One problem with characterizing changes in soil microbial communities has been the insensitivity associated with many methods. Standard plate count methods may recover only a few percent of the organisms present, with those isolated restricted to organisms suited to growth on the medium of choice. Measurements of soil microbial biomass give an indication of the standing crop of microbial life in the soil, but provide no indication of community structure. In short, traditional methodologies of microbiology lack the ability to quantitatively and comprehensively describe diverse communities, such as in soil. The application of molecular techniques to the study of microorganisms in situ overcomes a number of these deficiencies providing a better understanding of how bacterial mediated processes are affected by changing management practices. One such method is the measurement of phospholipid fatty acids (PLFA) in the soil.
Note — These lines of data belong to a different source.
(* Let $p\ge1$ and let $\hat K_x,\check K_x,\hat K_y,\check K_y,D$ be $p\times p$ matrices independent of location. Consider the full-domain 2D lattice system $$\partial_t\mathbf v_{i,j}=\delta_i(\hat K_xE_i^{1/2}-\check K_xE_i^{-1/2})\mathbf v_{i,j}+\delta_j(\hat K_yE_j^{1/2}-\check K_yE_j^{-1/2})\mathbf v_{i,j}+D\mathbf v_{i,j},$$ and the patch scheme in which the same equation holds for $\mathbf v^{I,J}_{i,j}\in\mathbb R^p$ at interior points $i=1,\dots,n_x$, $j=1,\dots,n_y$ of each patch $(I,J)$ (macroscale spacings $H_x,H_y$, widths $h_x=n_xd_x=r_xH_x$, $h_y=n_yd_y=r_yH_y$), with edge values $$\mathbf v^{I,J}_{n_x+1,j}=E_x^{r_x}\mathbf v^{I,J}_{1,j},\ \mathbf v^{I,J}_{0,j}=E_x^{-r_x}\mathbf v^{I,J}_{n_x,j},\qquad \mathbf v^{I,J}_{i,n_y+1}=E_y^{r_y}\mathbf v^{I,J}_{i,1},\ \mathbf v^{I,J}_{i,0}=E_y^{-r_y}\mathbf v^{I,J}_{i,n_y}.$$ Interpreting operators formally on smooth fields interpolating the patch values, with $E_i=\exp(d_x\partial_x)$, $E_j=\exp(d_y\partial_y)$, $E_x=\exp(H_x\partial_x)$, $E_y=\exp(H_y\partial_y)$ (so exact inter-patch shifts give $E_x^{\pm r_x/2}=E_i^{\pm n_x/2}$, $E_y^{\pm r_y/2}=E_j^{\pm n_y/2}$), the mid-patch values $\mathbf V^{I,J}:=\mathbf v^{I,J}_{(n_x+1)/2,(n_y+1)/2}$ satisfy $$\partial_t\mathbf V^{I,J}=\delta_i(\hat K_xE_i^{1/2}-\check K_xE_i^{-1/2})\mathbf V^{I,J}+\delta_j(\hat K_yE_j^{1/2}-\check K_yE_j^{-1/2})\mathbf V^{I,J}+D\mathbf V^{I,J},$$ the same operator as the full-domain microscale system. That is, the macroscale of the 2D patch scheme is consistent (to arbitrarily high order) with the full-domain microscale dynamics, errors arising only from approximating the inter-patch shifts.
   Context: $E_i,E_j$ are microscale shifts by one lattice step in $x$ and $y$, $\delta_i:=E_i^{1/2}-E_i^{-1/2}$, $\delta_j:=E_j^{1/2}-E_j^{-1/2}$, so $\delta_iE_i^{1/2}\mathbf v_{i,j}=\mathbf v_{i+1,j}-\mathbf v_{i,j}$ and $\delta_iE_i^{-1/2}\mathbf v_{i,j}=\mathbf v_{i,j}-\mathbf v_{i-1,j}$ (similarly in $j$). $E_x^{\pm r_x}$, $E_y^{\pm r_y}$ are macroscale shifts by one patch width in $x$, $y$, realised in practice by spectral or Lagrangian interpolation through the patches. Such a system arises as the homogeneous ensemble of all $p=p_xp_y$ phase-shifts of the 2D heterogeneous lattice diffusion with $p_x$-, $p_y$-periodic diffusivities. *)

From HB Require Import structures.
From mathcomp Require Import all_boot all_order all_algebra.
From mathcomp Require Import all_classical all_reals all_analysis.
Set Implicit Arguments. Unset Strict Implicit. Unset Printing Implicit Defensive.
Import Order.TTheory GRing.Theory Num.Theory.
Import numFieldNormedType.Exports.
Local Open Scope ring_scope.

Definition field (R : realType) (p : nat) := R -> R -> 'cV[R]_p.

(* Shift operators E^a in x and y (E_i = exp(d_x d/dx) is shiftx d_x, etc.). *)
Definition shiftx (R : realType) (p : nat) (a : R) (f : field R p) : field R p :=
  fun x y => f (x + a) y.
Definition shifty (R : realType) (p : nat) (a : R) (f : field R p) : field R p :=
  fun x y => f x (y + a).

(* The microscale operator
     delta_i (Khx E_i^{1/2} - Kcx E_i^{-1/2})
   + delta_j (Khy E_j^{1/2} - Kcy E_j^{-1/2}) + D
   written out using  delta E^{1/2} = E - 1  and  delta E^{-1/2} = 1 - E^{-1},
   with E_i = shift by dx in x and E_j = shift by dy in y. *)
Definition microL (R : realType) (p : nat)
  (Khx Kcx Khy Kcy D : 'M[R]_p) (dx dy : R) (f : field R p) : field R p :=
  fun x y =>
    Khx *m (shiftx dx f x y - f x y) - Kcx *m (f x y - shiftx (- dx) f x y)
  + Khy *m (shifty dy f x y - f x y) - Kcy *m (f x y - shifty (- dy) f x y)
  + D *m f x y.

Definition patchL (R : realType) (p : nat)
  (Khx Kcx Khy Kcy D : 'M[R]_p) (w : nat -> nat -> 'cV[R]_p) (i j : nat)
  : 'cV[R]_p :=
    Khx *m (w i.+1 j - w i j) - Kcx *m (w i j - w i.-1 j)
  + Khy *m (w i j.+1 - w i j) - Kcy *m (w i j - w i j.-1)
  + D *m w i j.

From HB Require Import structures.
From mathcomp Require Import all_boot all_order all_algebra.
From mathcomp Require Import all_classical all_reals all_analysis.
From mathcomp Require Import ring.
Set Implicit Arguments. Unset Strict Implicit. Unset Printing Implicit Defensive.
Import Order.TTheory GRing.Theory Num.Theory.
Import numFieldNormedType.Exports.
Local Open Scope ring_scope.

(* The interior point i of a patch with n points and spacing d sits at the
   offset (i - (n+1)/2) d from the patch centre.  The key observation is that
   the edge conditions, with exact inter-patch shifts r H = n d, place the
   ghost values i = 0 and i = n+1 exactly on the smooth field too: the value
   at i = n+1 is the value at i = 1 of the patch shifted by n d, i.e. the
   field at offset (n+1 - (n+1)/2) d.  So every point of the "halo"
   {0..n_x+1} x {1..n_y} and {1..n_x} x {0..n_y+1} reads the smooth field
   (lemmas [patch_halo_x], [patch_halo_y]); hence at any interior point the
   patch right-hand side [patchL] coincides with the microscale operator
   [microL] applied to the smooth field ([patchL_microL]), and the patch
   dynamics become the microscale dynamics at that point.  As the patch
   centre ranges over the continuum, the point (1,1) of a suitable patch
   reaches any (x,y), which yields the theorem. *)

Definition offset (R : realType) (n : nat) (d : R) (i : nat) : R :=
  (i%:R - (n%:R + 1) / 2) * d.

Lemma offsetS (R : realType) (n : nat) (d : R) (i : nat) :
  offset n d i.+1 = offset n d i + d.
Proof. by rewrite /offset -addn1 natrD; ring. Qed.

Lemma offset_right_edge (R : realType) (n : nat) (d : R) :
  offset n d n.+1 = n%:R * d + offset n d 1.
Proof. by rewrite /offset -addn1 natrD; ring. Qed.

Lemma offset_left_edge (R : realType) (n : nat) (d : R) :
  offset n d 0 = offset n d n - n%:R * d.
Proof. by rewrite /offset; ring. Qed.

Section PatchScheme.

Variables (R : realType) (p nx ny : nat).
Variables (Khx Kcx Khy Kcy D : 'M[R]_p) (dx dy Hx Hy rx ry : R).
Variables (u : R -> R -> R -> nat -> nat -> 'cV[R]_p) (v : R -> R -> R -> 'cV[R]_p).

Hypothesis width_x : nx%:R * dx = rx * Hx.
Hypothesis width_y : ny%:R * dy = ry * Hy.

Hypothesis u_interp : forall (t X Y : R) (i j : nat),
  (1 <= i <= nx)%N -> (1 <= j <= ny)%N ->
  u t X Y i j = v t (X + offset nx dx i) (Y + offset ny dy j).

Hypothesis u_dyn : forall (t X Y : R) (i j : nat),
  (1 <= i <= nx)%N -> (1 <= j <= ny)%N ->
  is_derive t (1 : R) (fun s => u s X Y i j)
    (patchL Khx Kcx Khy Kcy D (u t X Y) i j).

Hypothesis edge_x : forall (t X Y : R) (j : nat), (1 <= j <= ny)%N ->
  u t X Y nx.+1 j = u t (X + rx * Hx) Y 1%N j /\
  u t X Y 0%N j = u t (X - rx * Hx) Y nx j.

Hypothesis edge_y : forall (t X Y : R) (i : nat), (1 <= i <= nx)%N ->
  u t X Y i ny.+1 = u t X (Y + ry * Hy) i 1%N /\
  u t X Y i 0%N = u t X (Y - ry * Hy) i ny.

Hypothesis nx_gt0 : (0 < nx)%N.
Hypothesis ny_gt0 : (0 < ny)%N.

Lemma patch_halo_x (t X Y : R) (i j : nat) :
  (i <= nx.+1)%N -> (1 <= j <= ny)%N ->
  u t X Y i j = v t (X + offset nx dx i) (Y + offset ny dy j).
Proof.
move=> ile hj; have nx1 : (1 <= nx <= nx)%N by rewrite nx_gt0 leqnn.
have one1 : (1 <= 1 <= nx)%N by rewrite leqnn nx_gt0.
case: i ile => [|i] ile.
  rewrite (edge_x t X Y hj).2 u_interp // offset_left_edge width_x.
  by congr v; ring.
have [->|ilt] := eqVneq i nx.
  rewrite (edge_x t X Y hj).1 u_interp // offset_right_edge width_x.
  by congr v; ring.
by rewrite u_interp //= ltn_neqAle ilt -ltnS ile.
Qed.

Lemma patch_halo_y (t X Y : R) (i j : nat) :
  (1 <= i <= nx)%N -> (j <= ny.+1)%N ->
  u t X Y i j = v t (X + offset nx dx i) (Y + offset ny dy j).
Proof.
move=> hi jle; have ny1 : (1 <= ny <= ny)%N by rewrite ny_gt0 leqnn.
have one1 : (1 <= 1 <= ny)%N by rewrite leqnn ny_gt0.
case: j jle => [|j] jle.
  rewrite (edge_y t X Y hi).2 u_interp // offset_left_edge width_y.
  by congr v; ring.
have [->|jlt] := eqVneq j ny.
  rewrite (edge_y t X Y hi).1 u_interp // offset_right_edge width_y.
  by congr v; ring.
by rewrite u_interp //= ltn_neqAle jlt -ltnS jle.
Qed.

Lemma patchL_microL (t X Y : R) (i j : nat) :
  (1 <= i <= nx)%N -> (1 <= j <= ny)%N ->
  patchL Khx Kcx Khy Kcy D (u t X Y) i j =
  microL Khx Kcx Khy Kcy D dx dy (v t) (X + offset nx dx i) (Y + offset ny dy j).
Proof.
case: i => [//|i] hi; case: j => [//|j] hj.
set x := X + offset nx dx i.+1; set y := Y + offset ny dy j.+1.
have hiS : (i.+2 <= nx.+1)%N by case/andP: hi.
have hjS : (j.+2 <= ny.+1)%N by case/andP: hj.
have centre : u t X Y i.+1 j.+1 = v t x y by rewrite patch_halo_x // ltnW.
have east : u t X Y i.+2 j.+1 = v t (x + dx) y.
  by rewrite patch_halo_x // (offsetS nx dx i.+1) addrA.
have west : u t X Y i j.+1 = v t (x - dx) y.
  by rewrite patch_halo_x ?(ltnW (ltnW hiS)) // /x (offsetS nx dx i) addrA addrK.
have north : u t X Y i.+1 j.+2 = v t x (y + dy).
  by rewrite patch_halo_y // (offsetS ny dy j.+1) addrA.
have south : u t X Y i.+1 j = v t x (y - dy).
  by rewrite patch_halo_y ?(ltnW (ltnW hjS)) // /y (offsetS ny dy j) addrA addrK.
by rewrite /patchL /microL /shiftx /shifty centre east west north south.
Qed.

Lemma patch_point_micro (t X Y : R) (i j : nat) :
  (1 <= i <= nx)%N -> (1 <= j <= ny)%N ->
  is_derive t (1 : R) (fun s => v s (X + offset nx dx i) (Y + offset ny dy j))
    (microL Khx Kcx Khy Kcy D dx dy (v t) (X + offset nx dx i) (Y + offset ny dy j)).
Proof.
move=> hi hj; rewrite -patchL_microL //.
have -> : (fun s => v s (X + offset nx dx i) (Y + offset ny dy j)) =
          (fun s => u s X Y i j) by apply: funext => s; rewrite u_interp.
exact: u_dyn.
Qed.

End PatchScheme.

(* u t X Y i j = v^{I,J}_{i,j}(t), the patch values, with the patch centre
   (X,Y) = (I H_x, J H_y) interpolated to a continuum so that the macroscale
   shifts E_x^{+-r_x}, E_y^{+-r_y} act as X |-> X +- r_x H_x, Y |-> Y +- r_y H_y.
   v is the smooth field interpolating the patch values at interior points,
   v t x y, on which E_i, E_j act as shifts by dx, dy; the mid-patch value
   V^{I,J} = v^{I,J}_{(n_x+1)/2,(n_y+1)/2} is v t X Y. *)
Theorem theorem8 (R : realType) (p nx ny : nat)
  (Khx Kcx Khy Kcy D : 'M[R]_p) (dx dy Hx Hy rx ry : R)
  (u : R -> R -> R -> nat -> nat -> 'cV[R]_p) (v : R -> R -> R -> 'cV[R]_p) :
  (0 < p)%N -> (0 < nx)%N -> (0 < ny)%N ->
  0 < dx -> 0 < dy -> 0 < Hx -> 0 < Hy -> 0 < rx -> 0 < ry ->
  nx%:R * dx = rx * Hx -> ny%:R * dy = ry * Hy ->
  (* smooth-field interpretation of the patch interior values *)
  (forall (t X Y : R) (i j : nat), (1 <= i <= nx)%N -> (1 <= j <= ny)%N ->
     u t X Y i j = v t (X + (i%:R - (nx%:R + 1) / 2) * dx)
                       (Y + (j%:R - (ny%:R + 1) / 2) * dy)) ->
  (* patch interior dynamics *)
  (forall (t X Y : R) (i j : nat), (1 <= i <= nx)%N -> (1 <= j <= ny)%N ->
     is_derive t (1 : R) (fun s => u s X Y i j)
       (patchL Khx Kcx Khy Kcy D (u t X Y) i j)) ->
  (* edge values via exact inter-patch shifts *)
  (forall (t X Y : R) (j : nat), (1 <= j <= ny)%N ->
     u t X Y nx.+1 j = u t (X + rx * Hx) Y 1%N j /\
     u t X Y 0%N j = u t (X - rx * Hx) Y nx j) ->
  (forall (t X Y : R) (i : nat), (1 <= i <= nx)%N ->
     u t X Y i ny.+1 = u t X (Y + ry * Hy) i 1%N /\
     u t X Y i 0%N = u t X (Y - ry * Hy) i ny) ->
  (* conclusion: the mid-patch field obeys the microscale operator *)
  forall t X Y : R,
    is_derive t (1 : R) (fun s => v s X Y) (microL Khx Kcx Khy Kcy D dx dy (v t) X Y).
Proof.
move=> _ nx0 ny0 _ _ _ _ _ _ wx wy interp dyn ex ey t x y.
(* Place the patch so that its interior point (1,1) lies at (x,y). *)
have i1 : (1 <= 1 <= nx)%N by rewrite leqnn nx0.
have j1 : (1 <= 1 <= ny)%N by rewrite leqnn ny0.
have := patch_point_micro wx wy interp dyn ex ey nx0 ny0
  t (x - offset nx dx 1) (y - offset ny dy 1) i1 j1.
by rewrite !subrK.
Qed.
Phospholipid lipid fatty acids can be used to describe viable microbial communities in terms of total biomass (Balkwill et al., 1988) and community composition (Vestal and White, 1989). Phospholipids are essential components of life making up the bulk of the matter of cell membranes. Since phospholipids are rapidly degraded by endogenous and exogenous phospholipases upon cell death, they are reliable measures of viable cell biomass (White et al., 1979). The extraction and purification methods used are optimized for phospholipid molecules, so ‘fossil’ fatty acids, such as free fatty acids or those attached to humic substances, are not detected. PLFA have also been shown to be sufficiently distinct to allow for the identification of individual species of bacteria (Guckert et al., 1991) as well as provide insight into the make-up of whole communities (Frostegård et al., 1993). Community composition can be inferred from a PLFA profile by relating the type of PLFA identified to different biosynthetic pathways utilized in fatty acid synthesis (Fredrickson et al., 1995) or to specific species or classes of bacteria which contain a unique signature PLFA biomarker (Vestal and White, 1989).
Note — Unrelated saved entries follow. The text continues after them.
Lemma normc_circ_eigen_le (c d : R) m : c + d = 1 -> a * (1 - a) <= c * d ->
  (0 < m < n)%N -> normc (c%:C + d%:C * om ^+ m) <= cyc_rate.
Proof.
move=> cd1 cd_ge m_range; rewrite cyc_rootX normc_circ_eigen // cyc_rateE.
apply: ler_wsqrtr; have cos_le := cos_mul_cyc_angle_le R n_gt1 m_range.
have cos_lt1 := cos_cyc_angle_lt1 R n_gt1.
have a_gt0 := cyc_weight_gt0 R n_gt1; have a_le := cyc_weight_le.
have : 0 <= (c * d - a * (1 - a)) * (1 - cos (m%:R * th)) by apply: mulr_ge0; lra.
have : 0 <= a * (1 - a) * (cos th - cos (m%:R * th)) by apply: mulr_ge0; nra.
lra.
Qed.

Lemma normc_circ_eigen1 : normc ((1 - a)%:C + a%:C * om) = cyc_rate.
Proof. by rewrite /cyc_root normc_circ_eigen ?subrK // cyc_rateE [(1 - a) * a]mulrC. Qed.

End SpectralRadius.

Section CirculantRoots.
Variables (R : realType) (n : nat).
Hypothesis n_gt1 : (1 < n)%N.
Local Notation om := (cyc_root R n).
Local Notation toC := (real_complex R).

Variables (c d : R).
Hypotheses (cd1 : c + d = 1) (d_neq0 : d != 0).

Lemma circ_quot_complex z :
  (z - 1) * (map_poly toC (circ_quot n c d)).[z] = (z - c%:C) ^+ n - d%:C ^+ n.
Proof.
have := congr1 (fun p => (map_poly toC p).[z]) (subXX_circ_quot n cd1) => /=.
rewrite !(rmorphM, rmorphB, rmorphXn) /= map_polyX !map_polyC rmorph1 /=.
by rewrite hornerM !hornerE.
Qed.

Lemma root_circ_quot z : root (map_poly toC (circ_quot n c d)) z <->
  exists2 m, (0 < m < n)%N & z = c%:C + d%:C * om ^+ m.
Proof.
have dC_neq0 : d%:C != 0 by rewrite (inj_eq (@complexI _)).
split=> [/rootP z_root|[m m_range ->]].
  have z_neq1 : z != 1.
    apply/eqP => z1; move: z_root; rewrite z1 -(rmorph1 toC) horner_map /=.
    rewrite circ_quot1 1?ltnW // => -[] /eqP.
    by rewrite mulrn_eq0 expf_eq0 (negPf d_neq0) andbF orbF; case: n n_gt1.
  have w_unity : ((z - c%:C) / d%:C) ^+ n = 1.
    have /eqP := circ_quot_complex z; rewrite z_root mulr0 eq_sym subr_eq0 => /eqP.
    by rewrite exprMn exprVn => ->; rewrite divff // expf_neq0.
  have [m om_m] := prim_rootP (cyc_root_prim R n_gt1) w_unity.
  exists m; last by rewrite -om_m mulrC divfK // addrC subrK.
  rewrite ltn_ord andbT lt0n; apply: contra_neq z_neq1 => m0.
  move: om_m; rewrite m0 expr0 => /(canRL (divfK dC_neq0)) /eqP; rewrite mul1r subr_eq.
  by move=> /eqP ->; rewrite -rmorphD addrC cd1 rmorph1.
apply/rootP; apply: (mulfI (x := c%:C + d%:C * om ^+ m - 1)).
  have -> : c%:C + d%:C * om ^+ m - 1 = d%:C * (om ^+ m - 1).
    have -> : c%:C = 1 - d%:C by rewrite -[c](addrK d) cd1 rmorphB rmorph1.
    by move: (om ^+ m) => w; ring.
  by rewrite mulf_neq0 // subr_eq0 cyc_rootX_neq1.
rewrite mulr0 circ_quot_complex addrAC subrr add0r exprMn -exprM mulnC exprM.
by rewrite (cyc_rootXn R n_gt1) expr1n mulr1 subrr.
Qed.

End CirculantRoots.

Lemma largest_root_modulus_reduced (R : realType) n : (1 < n)%N ->
  largest_root_modulus (reduced_charpoly R n) (cyc_rate R n).
Proof.
move=> n_gt1; have a_gt0 := cyc_weight_gt0 R n_gt1.
have a_le := cyc_weight_le R n_gt1; set a := cyc_weight R n in a_gt0 a_le *.
have a_neq0 : a != 0 by rewrite gt_eqF.
have a2_neq0 : 2 * a != 0 by rewrite mulf_neq0 ?pnatr_eq0.
have root1 := root_circ_quot n_gt1 (subrK a 1) a_neq0.
have root2 := root_circ_quot n_gt1 (subrK (2 * a) 1) a2_neq0.
rewrite /largest_root_modulus reduced_charpolyE // rmorphM; split.
  exists ((1 - a)%:C + a%:C * cyc_root R n).
    by rewrite rootM; apply/orP; left; apply/root1; exists 1%N; rewrite ?expr1.
  by rewrite normC_normc normc_circ_eigen1.
move=> z; rewrite rootM normC_normc lecR => /orP[/root1|/root2] [m m_range ->].
  by rewrite normc_circ_eigen_le ?subrK // mulrC.
have a_le2a : a * (1 - a) <= (1 - 2 * a) * (2 * a) by nra.
by rewrite normc_circ_eigen_le ?subrK.
Qed.

Lemma factor_le_of_mul_le (R : realFieldType) (x y D e : R) :
  0 < D -> 0 <= x -> 0 <= y -> 0 <= e ->
  x * y <= e * (x + D) -> D <= x + y -> x <= 3 * e \/ y <= 3 * e.
Proof.
move=> D_gt0 x_ge0 y_ge0 e_ge0 xy_le D_le.
have [x_small|x_big] := leP (2 * x) D; [left | right].
  have : x * (D / 2) <= x * y by rewrite ler_wpM2l //; lra.
  have : e * (x + D) <= e * (3 * D / 2) by rewrite ler_wpM2l //; lra.
  by move=> *; rewrite -(ler_pM2r D_gt0); lra.
have : e * (x + D) <= e * (3 * x) by rewrite ler_wpM2l //; lra.
by move=> ?; rewrite -(ler_pM2r (_ : 0 < x)); lra.
Qed.

Lemma le_geometric_of_rec (R : realFieldType) (f : nat -> R) (rho q E : R) :
  0 <= rho -> rho < q -> 0 <= E -> (forall k, f k.+1 <= rho * f k + E * q ^+ k) ->
  exists K, forall k, f k <= K * q ^+ k.
Proof.
move=> rho_ge0 rho_lt_q E_ge0 f_rec; have q_gt0 : 0 < q by lra.
exists (`|f 0%N| + E / (q - rho)); elim=> [|k IHk].
  by rewrite expr0 mulr1 ler_wpDr ?ler_norm // divr_ge0 // subr_ge0 ltW.
apply: le_trans (f_rec k) _; rewrite exprS.
have qk_ge0 : 0 <= q ^+ k by rewrite exprn_ge0 ?ltW.
set K := _ + _ in IHk *.
have EK : E <= K * (q - rho).
  rewrite /K mulrDl divfK ?gt_eqF ?subr_gt0 // lerDr mulr_ge0 ?normr_ge0 //.
  by rewrite subr_ge0 ltW.
have : rho * f k <= rho * (K * q ^+ k) by rewrite ler_wpM2l.
have : E * q ^+ k <= K * (q - rho) * q ^+ k by rewrite ler_wpM2r.
have -> : K * (q * q ^+ k) = rho * (K * q ^+ k) + K * (q - rho) * q ^+ k by ring.
lra.
Qed.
This study was part of a larger experiment to evaluate impacts of manure applications on surface and subsurface water quality and soil properties. Based upon past work and literature review, we hypothesized that manuring would increase the microbial biomass relative to the control and ammonium nitrate treatments, and cause shifts in the microbial community structure. Therefore, the objective of this study was to document the effect of several years of dairy manure applications on microbial biomass and community structure, using PLFA methods, in a no-till corn silage cropping system.